The 3 main parties’ social care funding commitments won’t alleviate the crisis
The 2017 Election briefing note by the Centre for Health and the Public Interest finds that all 3 parties are proposing policies that won’t alleviate the social care crisis or do anything to reduce the pressures on the NHS which arise because of a lack of adequate social care.
Instead, they’ve have responded to the social care crisis with Manifesto commitments to:
“provide some additional funds to just about maintain a highly restrictive service, and protecting the assets and wealth of a small number of richer older people.”
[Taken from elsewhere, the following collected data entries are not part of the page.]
Lemma EON_L_strictly_convex lam (G G' : layers) : 0 < lam < 1 ->
  (forall j, colstoch (G j)) -> (forall j, colstoch (G' j)) -> G <> G' ->
  (forall j : 'I_N.+1, coupling_weight j < eps j.+1) ->
  L (mix_layers lam G G') < lam * L G + (1 - lam) * L G'.
Proof.
move=> /andP[l0 l1] dG dG' GG' weps.
have w0 j : 0 <= coupling_weight j.
  by rewrite addr_ge0 ?normA_ge0 //; case: j => [|j] //; exact: normA_ge0.
have lam_pos : 0 < lam * (1 - lam) / 2 by rewrite !mulr_gt0 ?subr_gt0.
pose Q := \sum_(t < T) \sum_(j < N.+1)
  (eps j.+1 - coupling_weight j) * vsqnorm (layer_diff G G' t j).
have Q_term_ge0 t (j : 'I_N.+1) :
    0 <= (eps j.+1 - coupling_weight j) * vsqnorm (layer_diff G G' t j).
  by rewrite mulr_ge0 ?vsqnorm_ge0 // subr_ge0 ltW.
have Q_gt0 : 0 < Q.
  rewrite lt0r sumr_ge0 ?andbT => [|t _]; last by apply: sumr_ge0.
  apply/eqP => Q0; apply/GG'/layer_diff_eq0 => t j.
  have /(_ t isT) sum_t0 := psumr_eq0P (fun t _ => sumr_ge0 _ (fun j _ => Q_term_ge0 t j)) Q0.
  have /(_ j isT)/eqP := psumr_eq0P (fun j _ => Q_term_ge0 t j) sum_t0.
  by rewrite mulf_eq0 subr_eq0 gt_eqF //= => /eqP/vsqnorm_eq0.
rewrite -subr_gt0 EON_L_mix_gap; apply: lt_le_trans (mulr_gt0 lam_pos Q_gt0) _.
rewrite mulr_sumr; apply: ler_sum => t _.
have lam01 : 0 <= lam <= 1 by rewrite !ltW.
have eps0 (j : 'I_N.+1) : 0 <= eps j.+1 := le_trans (w0 j) (ltW (weps j)).
have ent_lb := entropy_gap_lb t lam01 dG dG' eps0.
have coup_lb := ler_wpM2l (ltW lam_pos) (coupling_lb G G' t).
under eq_bigr => j _ do rewrite mulrBl.
rewrite sumrB mulrBr; lra.
Qed.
They have all signed up to the 2011 Dilnot Report’s proposal to keep means-tested social care, with a cap on an individual’s liability to pay at a certain level – beyond which the state will pay; and to increase the amount an individual can keep before having to contribute to the cost of their care.
The 2013 Dept of Health’s impact assessment on the Dilnot Report says it would benefit an additional 100,000 people, who would receive care they would otherwise have to pay for. This disproportionately benefits the rich at the expense of the poor.
Rather than this – what would free social care for the elderly cost? One estimate is around £9bn/year (from the 2015 Green Party Manifesto).
This could be paid for by a combination of:
- NHS cost savings (as a result of reducing A&E use and bed occupation;
- savings resulting from ending NHS marketisation and privatisation);
- cuts to corporate welfare including fossil fuel corporate subsidies, which costs taxpayers around £93bn/year ; and
- increased revenue from a variety of tax measures including a wealth tax, Robin Hood (financial transactions) tax and a crack down on tax dodging.
This leaves around 285,000 people people with disabilities aged 18–64 years who receive long term social care. Means-tested and largely privatised, this accounts for 48% of adults social care funding.
999 Call for the NHS would argue that ALL adults social care should be publicly funded, provided and run and free at the point of need.
And as a cross party/no party campaign, we would also argue that – as the successful Stop Fracking campaigners documented in The Bentley Effect found – it is essential for social and environmental campaigns to be free of any political party control or identification.